→ Task objective
Your answer should be the exact lines of the data below from the one containing "rewrite mulr_sumr !big_seq;" through the one containing "rewrite ler_expR -mulr_sumr ler_wpM2l //."; please include nothing else.

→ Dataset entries
***
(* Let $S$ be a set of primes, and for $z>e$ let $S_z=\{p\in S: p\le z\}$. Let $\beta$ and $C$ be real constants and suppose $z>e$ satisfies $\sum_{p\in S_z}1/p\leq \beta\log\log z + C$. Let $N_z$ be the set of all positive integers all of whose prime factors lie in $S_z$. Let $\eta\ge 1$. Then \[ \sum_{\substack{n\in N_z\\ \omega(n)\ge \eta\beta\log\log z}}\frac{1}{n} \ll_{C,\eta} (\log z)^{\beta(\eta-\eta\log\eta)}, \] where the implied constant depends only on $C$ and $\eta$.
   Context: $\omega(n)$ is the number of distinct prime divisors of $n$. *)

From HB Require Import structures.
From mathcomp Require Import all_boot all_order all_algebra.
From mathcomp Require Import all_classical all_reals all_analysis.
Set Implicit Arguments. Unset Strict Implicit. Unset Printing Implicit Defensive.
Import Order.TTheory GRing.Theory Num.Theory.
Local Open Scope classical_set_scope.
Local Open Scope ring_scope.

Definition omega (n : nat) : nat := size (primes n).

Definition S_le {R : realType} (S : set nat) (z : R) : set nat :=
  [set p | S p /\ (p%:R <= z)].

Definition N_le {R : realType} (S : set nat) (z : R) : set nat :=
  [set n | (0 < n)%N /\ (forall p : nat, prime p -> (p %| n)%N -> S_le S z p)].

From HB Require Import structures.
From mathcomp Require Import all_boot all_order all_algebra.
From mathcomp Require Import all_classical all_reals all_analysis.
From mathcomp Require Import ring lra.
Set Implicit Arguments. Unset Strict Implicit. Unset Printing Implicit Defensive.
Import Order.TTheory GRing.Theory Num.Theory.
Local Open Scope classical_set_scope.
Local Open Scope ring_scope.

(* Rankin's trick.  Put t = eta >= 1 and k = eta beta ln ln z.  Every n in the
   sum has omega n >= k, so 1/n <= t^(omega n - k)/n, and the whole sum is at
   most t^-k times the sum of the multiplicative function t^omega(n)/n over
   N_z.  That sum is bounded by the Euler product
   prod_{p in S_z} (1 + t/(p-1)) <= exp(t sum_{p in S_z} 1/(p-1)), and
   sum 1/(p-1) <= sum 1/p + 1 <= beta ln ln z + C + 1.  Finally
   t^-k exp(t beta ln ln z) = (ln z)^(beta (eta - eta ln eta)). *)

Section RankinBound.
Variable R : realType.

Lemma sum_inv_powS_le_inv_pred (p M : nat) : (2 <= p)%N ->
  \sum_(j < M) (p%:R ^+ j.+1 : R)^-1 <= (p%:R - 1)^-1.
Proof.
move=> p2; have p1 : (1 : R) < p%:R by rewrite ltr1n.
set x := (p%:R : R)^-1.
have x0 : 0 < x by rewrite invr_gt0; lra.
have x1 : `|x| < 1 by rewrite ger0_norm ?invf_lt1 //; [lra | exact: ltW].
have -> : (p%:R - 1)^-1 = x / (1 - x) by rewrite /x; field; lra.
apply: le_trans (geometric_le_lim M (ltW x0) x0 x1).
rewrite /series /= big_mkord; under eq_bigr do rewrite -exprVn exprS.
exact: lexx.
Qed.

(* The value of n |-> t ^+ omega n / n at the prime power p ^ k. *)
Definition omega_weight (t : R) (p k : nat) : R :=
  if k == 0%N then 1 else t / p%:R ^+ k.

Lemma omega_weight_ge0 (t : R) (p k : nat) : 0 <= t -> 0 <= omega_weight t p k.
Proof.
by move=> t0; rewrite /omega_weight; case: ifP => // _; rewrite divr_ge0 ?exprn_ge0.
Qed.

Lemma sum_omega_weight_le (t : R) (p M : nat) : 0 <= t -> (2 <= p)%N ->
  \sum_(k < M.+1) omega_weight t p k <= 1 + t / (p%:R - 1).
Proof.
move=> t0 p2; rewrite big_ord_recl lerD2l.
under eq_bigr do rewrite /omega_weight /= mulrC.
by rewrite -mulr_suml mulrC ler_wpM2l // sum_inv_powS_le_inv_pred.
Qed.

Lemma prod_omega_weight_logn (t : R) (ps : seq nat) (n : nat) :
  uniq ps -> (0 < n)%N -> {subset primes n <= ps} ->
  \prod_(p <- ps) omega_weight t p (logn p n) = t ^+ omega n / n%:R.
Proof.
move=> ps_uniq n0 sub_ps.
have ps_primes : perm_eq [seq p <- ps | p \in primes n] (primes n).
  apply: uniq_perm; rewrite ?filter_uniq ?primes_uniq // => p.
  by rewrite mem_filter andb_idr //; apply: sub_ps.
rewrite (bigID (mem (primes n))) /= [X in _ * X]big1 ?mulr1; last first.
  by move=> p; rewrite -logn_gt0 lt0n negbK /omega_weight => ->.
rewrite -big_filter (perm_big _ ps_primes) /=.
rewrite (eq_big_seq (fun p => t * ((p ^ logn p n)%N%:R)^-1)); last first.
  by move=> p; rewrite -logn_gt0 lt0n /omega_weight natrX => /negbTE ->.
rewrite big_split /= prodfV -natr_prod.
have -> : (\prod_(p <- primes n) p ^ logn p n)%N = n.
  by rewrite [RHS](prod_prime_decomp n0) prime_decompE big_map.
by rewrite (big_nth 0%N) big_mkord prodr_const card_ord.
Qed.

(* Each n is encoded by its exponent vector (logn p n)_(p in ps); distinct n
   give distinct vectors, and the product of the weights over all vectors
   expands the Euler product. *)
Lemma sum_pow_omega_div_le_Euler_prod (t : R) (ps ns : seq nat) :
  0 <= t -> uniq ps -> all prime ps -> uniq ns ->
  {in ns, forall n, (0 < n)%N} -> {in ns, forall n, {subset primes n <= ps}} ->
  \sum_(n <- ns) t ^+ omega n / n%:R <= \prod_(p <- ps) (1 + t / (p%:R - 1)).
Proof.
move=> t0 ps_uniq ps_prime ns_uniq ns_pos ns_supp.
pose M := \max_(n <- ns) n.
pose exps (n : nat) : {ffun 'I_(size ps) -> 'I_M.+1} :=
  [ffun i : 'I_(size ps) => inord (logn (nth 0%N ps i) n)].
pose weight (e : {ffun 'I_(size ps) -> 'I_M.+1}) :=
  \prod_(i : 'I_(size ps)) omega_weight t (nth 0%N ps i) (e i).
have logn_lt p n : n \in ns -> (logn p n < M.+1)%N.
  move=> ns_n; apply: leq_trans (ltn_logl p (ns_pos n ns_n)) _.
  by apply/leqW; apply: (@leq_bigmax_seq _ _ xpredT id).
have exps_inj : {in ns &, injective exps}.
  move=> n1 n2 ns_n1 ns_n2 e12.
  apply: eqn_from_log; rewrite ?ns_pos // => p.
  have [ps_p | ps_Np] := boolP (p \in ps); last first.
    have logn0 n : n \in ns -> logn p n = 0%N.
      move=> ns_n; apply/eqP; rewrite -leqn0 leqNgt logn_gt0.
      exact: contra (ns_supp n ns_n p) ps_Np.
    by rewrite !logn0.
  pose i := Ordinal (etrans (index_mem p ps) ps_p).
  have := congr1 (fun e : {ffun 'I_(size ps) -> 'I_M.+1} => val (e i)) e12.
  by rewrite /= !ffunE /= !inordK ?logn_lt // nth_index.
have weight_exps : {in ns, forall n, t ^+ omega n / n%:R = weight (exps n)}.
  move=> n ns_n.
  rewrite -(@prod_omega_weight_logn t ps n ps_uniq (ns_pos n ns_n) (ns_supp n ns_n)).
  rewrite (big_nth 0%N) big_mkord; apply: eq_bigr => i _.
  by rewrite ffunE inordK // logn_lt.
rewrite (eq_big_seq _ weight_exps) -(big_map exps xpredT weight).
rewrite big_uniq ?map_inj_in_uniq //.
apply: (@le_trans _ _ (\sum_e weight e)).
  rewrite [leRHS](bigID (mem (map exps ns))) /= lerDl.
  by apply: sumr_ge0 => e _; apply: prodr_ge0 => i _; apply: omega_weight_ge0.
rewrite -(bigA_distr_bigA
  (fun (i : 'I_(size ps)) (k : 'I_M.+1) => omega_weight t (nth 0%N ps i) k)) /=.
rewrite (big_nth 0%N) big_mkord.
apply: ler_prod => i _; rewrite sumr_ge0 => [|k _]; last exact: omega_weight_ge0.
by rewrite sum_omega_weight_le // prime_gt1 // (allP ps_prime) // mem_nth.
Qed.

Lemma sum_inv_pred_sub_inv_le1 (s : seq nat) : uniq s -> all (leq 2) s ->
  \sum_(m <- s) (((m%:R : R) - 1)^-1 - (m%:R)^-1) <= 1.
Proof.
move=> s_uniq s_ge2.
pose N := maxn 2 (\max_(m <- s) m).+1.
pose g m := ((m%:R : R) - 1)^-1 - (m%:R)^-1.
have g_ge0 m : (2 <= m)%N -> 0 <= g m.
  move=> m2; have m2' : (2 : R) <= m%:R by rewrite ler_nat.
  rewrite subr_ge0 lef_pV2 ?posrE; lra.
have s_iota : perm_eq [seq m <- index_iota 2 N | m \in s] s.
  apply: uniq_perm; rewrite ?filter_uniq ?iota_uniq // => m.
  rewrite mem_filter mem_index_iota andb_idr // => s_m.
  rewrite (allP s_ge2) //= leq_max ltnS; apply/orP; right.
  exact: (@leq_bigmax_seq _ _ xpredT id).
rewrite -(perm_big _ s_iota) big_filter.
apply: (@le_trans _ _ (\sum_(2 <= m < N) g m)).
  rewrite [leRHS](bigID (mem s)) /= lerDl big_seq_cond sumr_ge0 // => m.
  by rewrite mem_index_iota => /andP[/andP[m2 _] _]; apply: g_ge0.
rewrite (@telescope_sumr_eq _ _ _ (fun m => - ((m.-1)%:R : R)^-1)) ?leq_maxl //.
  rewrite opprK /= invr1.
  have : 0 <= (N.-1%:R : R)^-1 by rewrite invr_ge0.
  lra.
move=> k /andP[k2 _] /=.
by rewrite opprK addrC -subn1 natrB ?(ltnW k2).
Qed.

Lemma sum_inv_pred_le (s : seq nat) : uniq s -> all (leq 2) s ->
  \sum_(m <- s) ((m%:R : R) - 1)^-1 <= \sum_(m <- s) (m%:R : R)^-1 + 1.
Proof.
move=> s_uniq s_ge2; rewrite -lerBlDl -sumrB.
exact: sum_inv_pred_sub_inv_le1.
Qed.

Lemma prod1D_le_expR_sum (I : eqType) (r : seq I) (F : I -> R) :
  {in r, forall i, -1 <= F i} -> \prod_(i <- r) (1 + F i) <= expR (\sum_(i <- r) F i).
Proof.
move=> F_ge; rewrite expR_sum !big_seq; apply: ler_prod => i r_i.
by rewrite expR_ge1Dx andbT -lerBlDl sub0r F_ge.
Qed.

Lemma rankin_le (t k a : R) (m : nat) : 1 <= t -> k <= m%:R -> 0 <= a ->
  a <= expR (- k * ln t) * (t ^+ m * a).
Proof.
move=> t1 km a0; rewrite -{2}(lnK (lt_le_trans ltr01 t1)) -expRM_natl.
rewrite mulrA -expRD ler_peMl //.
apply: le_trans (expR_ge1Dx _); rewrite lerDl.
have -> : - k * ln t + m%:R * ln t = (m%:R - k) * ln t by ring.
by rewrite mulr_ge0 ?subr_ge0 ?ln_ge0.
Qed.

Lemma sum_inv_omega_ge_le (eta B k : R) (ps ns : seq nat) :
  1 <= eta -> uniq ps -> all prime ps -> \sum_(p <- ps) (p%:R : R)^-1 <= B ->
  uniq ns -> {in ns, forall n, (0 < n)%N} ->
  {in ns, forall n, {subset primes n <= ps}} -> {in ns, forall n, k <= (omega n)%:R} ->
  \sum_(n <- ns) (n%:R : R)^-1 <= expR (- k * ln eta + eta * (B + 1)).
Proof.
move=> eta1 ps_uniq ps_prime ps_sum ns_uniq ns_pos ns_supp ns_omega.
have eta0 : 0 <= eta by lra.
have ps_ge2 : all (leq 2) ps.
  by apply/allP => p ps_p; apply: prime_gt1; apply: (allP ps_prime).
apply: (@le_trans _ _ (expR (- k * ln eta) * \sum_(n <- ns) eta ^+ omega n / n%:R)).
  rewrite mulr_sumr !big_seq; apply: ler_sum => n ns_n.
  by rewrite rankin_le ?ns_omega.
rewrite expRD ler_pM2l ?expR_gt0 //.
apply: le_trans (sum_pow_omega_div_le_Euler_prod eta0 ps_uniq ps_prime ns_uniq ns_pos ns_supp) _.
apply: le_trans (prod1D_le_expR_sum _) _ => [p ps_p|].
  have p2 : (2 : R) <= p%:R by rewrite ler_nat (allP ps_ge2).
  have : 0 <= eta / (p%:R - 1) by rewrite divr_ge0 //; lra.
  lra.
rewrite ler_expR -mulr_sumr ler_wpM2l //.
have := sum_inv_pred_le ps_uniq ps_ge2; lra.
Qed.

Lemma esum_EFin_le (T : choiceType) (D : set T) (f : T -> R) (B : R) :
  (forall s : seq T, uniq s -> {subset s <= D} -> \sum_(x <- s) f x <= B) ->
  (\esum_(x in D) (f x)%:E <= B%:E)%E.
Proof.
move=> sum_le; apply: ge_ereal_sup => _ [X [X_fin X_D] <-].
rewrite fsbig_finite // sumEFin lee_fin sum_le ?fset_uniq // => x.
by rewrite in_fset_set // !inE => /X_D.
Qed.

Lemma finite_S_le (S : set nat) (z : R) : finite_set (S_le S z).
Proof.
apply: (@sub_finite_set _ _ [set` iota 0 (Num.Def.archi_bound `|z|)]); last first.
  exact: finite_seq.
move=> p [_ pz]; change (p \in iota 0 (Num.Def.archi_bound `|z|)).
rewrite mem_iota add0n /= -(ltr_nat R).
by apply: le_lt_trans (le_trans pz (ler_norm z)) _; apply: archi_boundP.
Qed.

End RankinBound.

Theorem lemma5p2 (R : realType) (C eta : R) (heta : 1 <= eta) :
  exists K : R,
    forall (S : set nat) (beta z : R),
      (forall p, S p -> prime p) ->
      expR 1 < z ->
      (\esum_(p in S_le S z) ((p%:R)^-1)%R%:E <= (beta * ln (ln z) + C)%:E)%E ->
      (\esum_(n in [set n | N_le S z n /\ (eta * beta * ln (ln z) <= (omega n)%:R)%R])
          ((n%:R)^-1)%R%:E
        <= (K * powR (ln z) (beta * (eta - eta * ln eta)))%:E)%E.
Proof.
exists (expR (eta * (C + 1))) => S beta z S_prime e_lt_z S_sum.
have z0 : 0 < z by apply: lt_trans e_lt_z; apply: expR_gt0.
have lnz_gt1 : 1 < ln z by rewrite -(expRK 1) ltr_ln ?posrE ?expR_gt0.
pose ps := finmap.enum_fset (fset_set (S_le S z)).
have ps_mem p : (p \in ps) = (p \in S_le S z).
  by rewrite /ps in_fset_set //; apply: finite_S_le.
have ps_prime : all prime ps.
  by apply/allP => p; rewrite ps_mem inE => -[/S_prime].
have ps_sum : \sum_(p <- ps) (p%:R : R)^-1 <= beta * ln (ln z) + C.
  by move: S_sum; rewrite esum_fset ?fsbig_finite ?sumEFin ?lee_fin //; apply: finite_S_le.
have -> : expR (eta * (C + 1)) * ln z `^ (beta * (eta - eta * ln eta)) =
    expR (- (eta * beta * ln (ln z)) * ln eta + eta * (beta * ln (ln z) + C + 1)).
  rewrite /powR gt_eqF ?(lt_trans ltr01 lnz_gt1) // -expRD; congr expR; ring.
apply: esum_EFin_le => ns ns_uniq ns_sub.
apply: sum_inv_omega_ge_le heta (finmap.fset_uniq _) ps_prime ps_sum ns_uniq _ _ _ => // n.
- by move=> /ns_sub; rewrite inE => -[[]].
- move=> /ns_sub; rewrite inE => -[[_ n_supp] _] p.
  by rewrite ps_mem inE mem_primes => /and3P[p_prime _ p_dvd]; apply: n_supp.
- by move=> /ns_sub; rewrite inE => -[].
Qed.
***
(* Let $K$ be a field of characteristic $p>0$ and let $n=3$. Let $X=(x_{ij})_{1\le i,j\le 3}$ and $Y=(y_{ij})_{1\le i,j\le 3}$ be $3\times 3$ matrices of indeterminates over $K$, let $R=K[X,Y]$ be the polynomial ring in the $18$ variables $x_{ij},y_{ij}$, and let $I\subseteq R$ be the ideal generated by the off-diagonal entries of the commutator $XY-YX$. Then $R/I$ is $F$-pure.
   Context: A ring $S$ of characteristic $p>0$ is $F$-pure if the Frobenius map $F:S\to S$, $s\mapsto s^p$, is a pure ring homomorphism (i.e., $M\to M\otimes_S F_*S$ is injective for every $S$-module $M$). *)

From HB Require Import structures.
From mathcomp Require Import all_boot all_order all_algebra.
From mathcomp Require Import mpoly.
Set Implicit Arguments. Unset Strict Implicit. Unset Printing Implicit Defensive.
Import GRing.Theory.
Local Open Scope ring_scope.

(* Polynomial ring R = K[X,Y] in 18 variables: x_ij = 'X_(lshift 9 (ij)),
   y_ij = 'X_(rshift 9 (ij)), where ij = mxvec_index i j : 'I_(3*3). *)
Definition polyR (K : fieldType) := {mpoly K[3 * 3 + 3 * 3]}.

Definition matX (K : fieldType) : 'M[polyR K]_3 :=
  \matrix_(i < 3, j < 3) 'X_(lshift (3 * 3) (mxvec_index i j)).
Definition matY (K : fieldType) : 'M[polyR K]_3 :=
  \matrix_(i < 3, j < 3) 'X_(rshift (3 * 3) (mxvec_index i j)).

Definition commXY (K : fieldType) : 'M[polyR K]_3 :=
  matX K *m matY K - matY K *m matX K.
***
→ Worked solution
  rewrite mulr_sumr !big_seq; apply: ler_sum => n ns_n.
  by rewrite rankin_le ?ns_omega.
rewrite expRD ler_pM2l ?expR_gt0 //.
apply: le_trans (sum_pow_omega_div_le_Euler_prod eta0 ps_uniq ps_prime ns_uniq ns_pos ns_supp) _.
apply: le_trans (prod1D_le_expR_sum _) _ => [p ps_p|].
  have p2 : (2 : R) <= p%:R by rewrite ler_nat (allP ps_ge2).
  have : 0 <= eta / (p%:R - 1) by rewrite divr_ge0 //; lra.
  lra.
rewrite ler_expR -mulr_sumr ler_wpM2l //.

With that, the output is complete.